I followed the tutorial on Generics by Mark Karpov, but I don’t understand how to do this in practice. I have

class GFromRows t where
    gfromRows :: Vector (t Identity) -> t Vector

instance                               GFromRows U1 where (...)
instance (GFromRows a, GFromRows b) => GFromRows (a :*: b) where (...)
instance GFromRows t =>                GFromRows (M1 i c t) where (...)

class FromRows t where
    fromRows :: Vector (Row t) -> Frame t
    
    default fromRows :: ( ??? )
                        => Vector (Row t) 
                        -> Frame t
    fromRows = (to?) . gfromRows . (from?)

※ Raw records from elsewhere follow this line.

Definition diff_unif (m : nat) (f : 'rV['F_2]_m -> 'rV['F_2]_m) : nat :=
  (\max_(a : 'rV['F_2]_m | a != 0%R) \max_(c : 'rV['F_2]_m)
     #|[set x : 'rV['F_2]_m | fder f a x == c]|)%N.

Definition diff_delta_uniform (m : nat) (f : 'rV['F_2]_m -> 'rV['F_2]_m) (delta : nat) :=
  diff_unif f = delta.

Definition nhat (m : nat) (f : 'rV['F_2]_m -> 'rV['F_2]_m) : nat :=
  (\max_(a : 'rV['F_2]_m | a != 0%R)
     #|[set v : 'rV['F_2]_m | (v != 0%R) &&
         [forall x, forall y, dotp (fder f a x) v == dotp (fder f a y) v]]|)%N.

Definition inj_blk (b m : nat) (j : 'I_b) (v : 'rV['F_2]_m) : Vsp b m :=
  [ffun i => if i == j then v else 0].

Definition Jset (b m : nat) (U : {vspace Vsp b m}) : {set 'I_b} :=
  [set j | [exists v : 'rV['F_2]_m, inj_blk j v \notin U]].

Definition wall_set (b m : nat) (I : {set 'I_b}) : {set Vsp b m} :=
  [set x : Vsp b m | [forall i, (i \notin I) ==> (x i == 0%R)]].

Definition is_wall (b m : nat) (W : {vspace Vsp b m}) : Prop :=
  exists I : {set 'I_b}, [/\ I != set0, I != setT &
     [set x : Vsp b m | x \in W] = wall_set m I].

Definition coset (b m : nat) (W : {vspace Vsp b m}) (v : Vsp b m) : {set Vsp b m} :=
  [set (w : Vsp b m) + v | w in [set x : Vsp b m | x \in W]].

Definition linpart (b m : nat) (W : {vspace Vsp b m}) : {set {set Vsp b m}} :=
  [set coset W v | v : Vsp b m].

(* LA_U(W1|W2), given vbar in V \ U *)
Definition LApart (b m : nat) (U W1 W2 : {vspace Vsp b m}) (vbar : Vsp b m)
  : {set {set Vsp b m}} :=
  [set coset W1 v | v in [set x : Vsp b m | x \in U]] :|:
  [set coset W2 (vbar + v) | v in [set x : Vsp b m | x \in U]].

Definition maps_onto (T : finType) (f : T -> T) (A B : {set {set T}}) : Prop :=
  [set f @: (X : {set T}) | X in A] = B.

Definition trivial_part (T : finType) (A : {set {set T}}) : Prop :=
  A = [set [set x] | x : T] \/ A = [set [set: T]].

(* The parallel map γ sends the block c + W_c of LA_U(W1|W2), where W_c is W1 or W2
   according as c ∈ U or not, onto the block γ(c) + W'_γ(c); so γ(x + a) + γ(x) ∈ W'_γ(x)
   whenever a ∈ W_x.  Translating x inside a block V_i ⊆ U does not change W_x, hence the
   derivatives of γ_i in direction a_i are constant modulo the slice of W1' + W2' at i, and
   n̂(γ_i) = 0 forces this slice to be all of V_i when a_i ≠ 0.  For i ∈ J_U' this
   contradicts V_i ⊄ U', so W1 and W2 vanish on these blocks; comparing the blocks through
   0 and through a point of U ∩ V_i mapped outside U' then gives W1' = W2'.
   For i ∈ J_U, |U ∩ V_i| = 2^(m-1) ≥ 8 and 4-uniformity first make the slice Z of W1' at i
   nonzero, then give |Z|^2 ≤ |U ∩ V_i| ≤ 4(|Z| - 1) unless W1 ∩ W2 meets V_i; but a nonzero
   direction in W1 ∩ W2 ∩ V_i has all its γ_i-derivatives in the proper subspace Z,
   contradicting n̂(γ_i) = 0 again.  So W1 and W2 only meet blocks outside J_U, which they
   (and W1') contain entirely: all four spaces are the wall spanned by these blocks. *)

From Pilot Require Import Defs.
From HB Require Import structures.
From mathcomp Require Import all_boot all_order all_algebra all_fingroup all_field.
From mathcomp Require Import zify.
(* Re-imported so that [coset] is Defs.coset, not the quotient-group coset of fingroup. *)
Import Defs.
Import GRing.Theory.
Local Open Scope ring_scope.

Set Implicit Arguments.
Unset Strict Implicit.
Unset Printing Implicit Defensive.

Section Char2.
Variable V : lmodType 'F_2.
Implicit Types x y : V.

In particular, I’m confused on the constraints on gfromRows. Looks like there is extra ceremony required because t in FromRows t is a higher-kinded type

Edit: I previously used the type synonyms Row and Frame, but did not define them:

-- | Type synonym for a record type with scalar elements
type Row (dt :: (Type -> Type) -> Type) 
    = (dt Identity)

-- | Type synonym for a record type whose elements are arrays (columns)
type Frame (dt :: (Type -> Type) -> Type)   
    = (dt Vector)

You’ve given two different type signatures of fromRows, the second of which mentions the undefined Row and Frame types, so I assume the first is the correct one.

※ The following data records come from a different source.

(* For every integer $k\ge 1$, $k$ is a local minimum of the negligibility sequence $(p(m))_{m\ge 0}$ if and only if $k$ is a local minimum of the rank sequence $(r(m))_{m\ge0}$.
   Context: Every integer $m\ge 0$ is written in binary as $m=\sum_{k\ge1} m_k 2^{k-1}$ with $m_k\in\{0,1\}$. The rank is $r(m)=\sum_k m_k$ and the negligibility is $p(m)=\sum_k (k+1)m_k$. For a real sequence $(a_m)_{m\ge0}$, an index $k\ge1$ is a local minimum if $a_{k-1}>a_k<a_{k+1}$ (strict inequalities). *)

From mathcomp Require Import all_boot.
Set Implicit Arguments. Unset Strict Implicit. Unset Printing Implicit Defensive.

(* k-th binary digit of m, 1-indexed: m = \sum_{k>=1} m_k 2^(k-1). *)
Definition digit (m k : nat) : nat := odd (m %/ 2 ^ k.-1).

(* All digits m_k with k > m vanish since m < 2^m, so the sums over k >= 1
   are the finite sums over 1 <= k <= m. *)
Definition rank (m : nat) : nat := \sum_(1 <= k < m.+1) digit m k.
Definition negl (m : nat) : nat := \sum_(1 <= k < m.+1) k.+1 * digit m k.

Definition local_min (a : nat -> nat) (k : nat) : Prop :=
  1 <= k /\ a k.-1 > a k /\ a k < a k.+1.

From mathcomp Require Import all_boot.
From mathcomp Require Import zify.

(* Both the rank r and the negligibility p are weighted sums of binary digits,
   so splitting off the lowest digit gives the recurrences
     r(2n+b) = r(n) + b,        p(2n+b) = p(n) + r(n) + 2b.
   Iterating them twice computes r and p on each residue class modulo 4 in
   terms of r(q), p(q) (lemmas [rank_mod4], [negl_mod4]).  A strong induction
   along the same recurrences bounds the increments r(m+1) <= r(m) + 1 and
   p(m+1) + c r(m+1) <= p(m) + c r(m) + c + 2.  With these, a case analysis on
   k mod 4 shows that k >= 1 is a local minimum of r exactly when 4 divides k,
   and likewise for p; the theorem follows by comparing both
   characterizations. *)

Definition digit_sum (w : nat -> nat) (m N : nat) : nat :=
  \sum_(1 <= k < N.+1) w k * digit m k.

(* Since m < 2^m, every digit of m beyond position m is zero. *)
Lemma digit_small m k : m < k -> digit m k = 0.
Proof.
move=> lt_mk; rewrite /digit divn_small //.
apply: (leq_trans (ltn_expl m (isT : 1 < 2))); rewrite leq_exp2l //; lia.
Qed.

Lemma digit_sum_bound w m N : m <= N -> digit_sum w m N = digit_sum w m m.
Proof.
move=> le_mN; rewrite /digit_sum (@big_cat_nat _ _ _ m.+1) //=; try lia.
rewrite [X in _ + X]big_nat_cond [X in _ + X]big1 ?addn0 //.
by move=> k /andP[/andP[lt_mk _] _]; rewrite digit_small ?muln0.
Qed.

Lemma digit_double_low n (b : bool) : digit (n.*2 + b) 1 = b.
Proof. by rewrite /digit expn0 divn1 oddD odd_double; case: b. Qed.

Lemma digit_double_high n (b : bool) k : digit (n.*2 + b) k.+2 = digit n k.+1.
Proof.
have half : (n.*2 + b) %/ 2 = n.
  by rewrite -muln2 divnMDl // divn_small ?addn0 //; case: b.
by rewrite /digit /= expnS divnMA half.
Qed.

Lemma digit_sum_double w n (b : bool) N :
  digit_sum w (n.*2 + b) N.+1 = w 1 * b + digit_sum (fun k => w k.+1) n N.
Proof.
rewrite /digit_sum big_nat_recl // digit_double_low; congr (_ + _).
apply: eq_big_nat => -[//|k] _.
by rewrite digit_double_high.
Qed.

Lemma digit_sum_rec w n (b : bool) :
  digit_sum w (n.*2 + b) (n.*2 + b) =
  w 1 * b + digit_sum (fun k => w k.+1) n n.
Proof.
rewrite -(@digit_sum_bound _ _ (n.*2 + b).+1) // digit_sum_double.
by rewrite digit_sum_bound //; case: b; lia.
Qed.

(* The binary recurrences for r and p; [negl m] is by definition the digit
   sum with weight k + 1, and shifting that weight adds one copy of r. *)
Lemma rank_rec n (b : bool) : rank (n.*2 + b) = rank n + b.
Proof.
have rank_ds m : rank m = digit_sum (fun=> 1) m m.
  by apply: eq_bigr => k _; rewrite mul1n.
by rewrite !rank_ds digit_sum_rec mul1n addnC.
Qed.

Lemma negl_rec n (b : bool) : negl (n.*2 + b) = negl n + rank n + 2 * b.
Proof.
rewrite [LHS]digit_sum_rec addnC; congr (_ + _).
by rewrite -big_split; apply: eq_bigr => k _; rewrite mulSn addnC.
Qed.

Lemma rank_double n : rank n.*2 = rank n.
Proof. by have := rank_rec n false; rewrite !addn0. Qed.

Lemma rank_doubleS n : rank n.*2.+1 = (rank n).+1.
Proof. by have := rank_rec n true; rewrite !addn1. Qed.

Lemma negl_double n : negl n.*2 = negl n + rank n.
Proof. by have := negl_rec n false; rewrite !addn0. Qed.

Lemma negl_doubleS n : negl n.*2.+1 = negl n + rank n + 2.
Proof. by have := negl_rec n true; rewrite addn1. Qed.

Lemma double_cases m : exists n, m = n.*2 \/ m = n.*2.+1.
Proof.
exists m./2; rewrite -{1 3}(odd_double_half m).
by case: (odd m); [right | left].
Qed.

Lemma rank_succ_le m : rank m.+1 <= (rank m).+1.
Proof.
elim/ltn_ind: m => m IH; have [n [|] Em] := double_cases m; subst m.
  by rewrite rank_doubleS rank_double.
rewrite -doubleS rank_double rank_doubleS.
by apply/leqW/IH; rewrite -muln2; lia.
Qed.

(* The analogous bound for p; the extra weight c makes the induction go
   through, since the odd-to-even step turns c into c + 1. *)
Lemma negl_succ_le m c :
  negl m.+1 + c * rank m.+1 <= negl m + c * rank m + c + 2.
Proof.
elim/ltn_ind: m c => m IH c; have [n [|] Em] := double_cases m; subst m.
  by rewrite rank_doubleS rank_double negl_doubleS negl_double; lia.
rewrite -doubleS rank_double rank_doubleS negl_double negl_doubleS.
by have := IH n ltac:(rewrite -muln2; lia) c.+1; lia.
Qed.

Lemma mod4_cases k :
  exists q, [\/ k = 4 * q, k = (4 * q).+1, k = (4 * q).+2 | k = (4 * q).+3].
Proof.
exists (k %/ 4); move: (divn_eq k 4) (ltn_pmod k (isT : 0 < 4)).
case: (k %% 4) => [|[|[|[|j]]]] Ek //= _;
  [constructor 1 | constructor 2 | constructor 3 | constructor 4]; lia.
Qed.

Lemma quad_double q : 4 * q = q.*2.*2.
Proof. by rewrite -!muln2 -mulnA mulnC. Qed.

Lemma rank_mod4 q :
  [/\ rank (4 * q) = rank q, rank (4 * q).+1 = (rank q).+1,
      rank (4 * q).+2 = (rank q).+1 & rank (4 * q).+3 = (rank q).+2].
Proof.
rewrite quad_double -doubleS.
by rewrite !rank_doubleS !rank_double rank_doubleS.
Qed.

Lemma negl_mod4 q :
  [/\ negl (4 * q) = negl q + 2 * rank q,
      negl (4 * q).+1 = negl q + 2 * rank q + 2,
      negl (4 * q).+2 = negl q + 2 * rank q + 3
    & negl (4 * q).+3 = negl q + 2 * rank q + 5].
Proof.
rewrite quad_double -doubleS.
rewrite !negl_doubleS !negl_double negl_doubleS rank_doubleS rank_double.
by split; lia.
Qed.

(* Local minima of r are the positive multiples of 4: for k = 4q the left
   neighbour 4(q-1)+3 has rank r(q-1)+2 > r(q), while at other residues one of
   the two strict inequalities fails outright. *)
Lemma rank_local_min k : 1 <= k -> local_min rank k <-> 4 %| k.
Proof.
rewrite /local_min; have [q [->|->|->|->]] := mod4_cases k => /=.
- case: q => [//|q] _.
  have -> : (4 * q.+1).-1 = (4 * q).+3 by lia.
  have [r0 r1 _ _] := rank_mod4 q.+1; have [_ _ _ r3] := rank_mod4 q.
  rewrite r0 r1 r3; have := rank_succ_le q; lia.
- by have [r0 r1 r2 _] := rank_mod4 q; rewrite r0 r1 r2; lia.
- by have [_ r1 r2 r3] := rank_mod4 q; rewrite r1 r2 r3; lia.
- have -> : (4 * q).+4 = 4 * q.+1 by lia.
  have [r0 _ _ _] := rank_mod4 q.+1; have [_ _ r2 r3] := rank_mod4 q.
  rewrite r0 r2 r3; have := rank_succ_le q; lia.
Qed.

(* The same characterization for p, with [negl_succ_le] (weight 2) playing the
   role of [rank_succ_le] at the left neighbour of k = 4q. *)
Lemma negl_local_min k : 1 <= k -> local_min negl k <-> 4 %| k.
Proof.
rewrite /local_min; have [q [->|->|->|->]] := mod4_cases k => /=.
- case: q => [//|q] _.
  have -> : (4 * q.+1).-1 = (4 * q).+3 by lia.
  have [p0 p1 _ _] := negl_mod4 q.+1; have [_ _ _ p3] := negl_mod4 q.
  rewrite p0 p1 p3; have := negl_succ_le q 2; lia.
- by have [p0 p1 p2 _] := negl_mod4 q; rewrite p0 p1 p2; lia.
- by have [_ p1 p2 p3] := negl_mod4 q; rewrite p1 p2 p3; lia.
- have -> : (4 * q).+4 = 4 * q.+1 by lia.
  have [p0 _ _ _] := negl_mod4 q.+1; have [_ _ p2 p3] := negl_mod4 q.
  by rewrite p0 p2 p3; lia.
Qed.

Theorem theorem2 (k : nat) : 1 <= k ->
  (local_min negl k <-> local_min rank k).
Proof. by move=> k_gt0; rewrite negl_local_min // rank_local_min. Qed.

I believe for a higher-kinded type you want the Generic1 class. The implementation would look something like this:

class GFromRows t where
  gfromRows :: Vector (t Identity) -> t Vector

instance GFromRows U1 where
  gfromRows _ = U1

instance (GFromRows a, GFromRows b) => GFromRows (a :*: b) where
  gfromRows = fromTuple . bimap gfromRows gfromRows . V.unzip . fmap toTuple
    where
      toTuple (a :*: b) = (a, b)
      fromTuple (a, b) = a :*: b

instance (GFromRows t) => GFromRows (M1 i c t) where
  gfromRows = M1 . gfromRows . fmap unM1

class FromRows t where
  fromRows :: Vector (t Identity) -> t Vector
  default fromRows ::
    (Generic1 t, GFromRows (Rep1 t)) =>
    Vector (t Identity) ->
    t Vector
  fromRows = to1 . gfromRows . fmap from1

However, the compiler won’t derive an instance of Generic1 for your User type (even if you replace Column f by f in the field types:

        Constructor ‘MkUser’ applies a type to an argument involving the last parameter
                              but the applied type is not of kind * -> *

I’m not sure if there is a formulation of User that the compiler could derive a Generic1 instance for.
I suggest you look into the barbies package.

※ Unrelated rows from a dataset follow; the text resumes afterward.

Lemma dim_proj_span_gap n a b : (0 < a)%N -> (a <= b)%N -> (b <= n * q.-1)%N ->
  (\dim (proj_span n.+1 a) + (b - a) <= \dim (proj_span n.+1 b))%N.
Proof.
move=> a_gt0 ab bn; rewrite !dim_proj_spanS //; last exact: leq_trans ab.
rewrite addnAC; apply: leq_add; first exact: size_reduced_monomials_gap.
case: ifP => // qa; rewrite (leq_trans qa ab) dim_proj_span_mono ?leq_sub2r //.
by have := card_gt1; lia.
Qed.

End ProjectiveMonomials.

(** * Transfer to the projective Reed-Muller code *)

Section Transfer.
Variables (F : finFieldType) (n : nat).
Local Notation N := (proj_N F n).
Local Notation pts := (proj_points F n).
Local Notation pt i := (nth [ffun => 0] pts i).

(* A word, read as the function taking the value [r_i] at [P'_i] and [0] off
   the normalized representatives. *)
Definition word_fun (r : 'rV[F]_N) : vfun F n.+1 :=
  [ffun x => \sum_(i < N) (pt i == x)%:R * r 0 i].

Fact word_fun_is_linear : linear word_fun.
Proof.
move=> c u v; apply/ffunP=> x; rewrite !ffunE -[c *: \sum_(_ < _) _]/(c * _).
rewrite mulr_sumr -big_split.
by apply: eq_bigr => i _; rewrite !mxE mulrDr mulrCA.
Qed.
HB.instance Definition _ := GRing.isLinear.Build F 'rV[F]_N (vfun F n.+1) _
  word_fun word_fun_is_linear.

Lemma proj_points_uniq : uniq pts.
Proof. by rewrite filter_uniq // enum_uniq. Qed.

Lemma mem_proj_points x : (x \in pts) = normalized x.
Proof. by rewrite mem_filter mem_enum andbT. Qed.

Lemma word_fun_pt r (i : 'I_N) : word_fun r (pt i) = r 0 i.
Proof.
rewrite ffunE (bigD1 i) //= eqxx mul1r big1 ?addr0 // => j ji.
by rewrite nth_uniq ?proj_points_uniq ?ltn_ord // val_eqE (negbTE ji) mul0r.
Qed.

Lemma word_fun_inj : lker (linfun word_fun) = 0%VS.
Proof.
apply/eqP/lker0P => u v; rewrite !lfunE /= => uv; apply/rowP => i.
by rewrite -!word_fun_pt uv.
Qed.

Lemma word_fun_prm_eval k (P : dhomog n.+1 F k) :
  word_fun (prm_eval P) = [ffun x => (normalized x)%:R * (val P).@[x]].
Proof.
apply/ffunP=> x; rewrite !ffunE -mem_proj_points.
pose ev (y : vec F n.+1) := (val P).@[y].
rewrite -(sum_nth_indicator [ffun => 0] ev _ proj_points_uniq).
by apply: eq_bigr => i _; rewrite mxE.
Qed.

You can do this with Generic (not Generic1), but you have to forget that you’re working with a parameterized type. The Generic class expects a simple type. You have two types t Identity and t Vector. So you treat them as separate instances of Generic, which will both be indices of the GFromRows class.

class GFromRows rI rV where
  gfromRows :: Vector (rI x) -> rV x

The x parameter is unused and unusable, just ignore it. (It’s there for working with Generic1, but you’re not using it here (it’s unusable for your situation too.))

The types rI and rV, since they come from t Identity and t Vector, are supposed to have pretty much the same structure.

They are both products at the same time.

instance (GFromRows tI1 tV1, GFromRows tI2 tV2) => GFromRows (tI1 :*: tI2) (tV1 :*: tV2) where
   ...

And in the field case, you know that when a field of t Identity has type a, the same field in t Vector will have type Vector a.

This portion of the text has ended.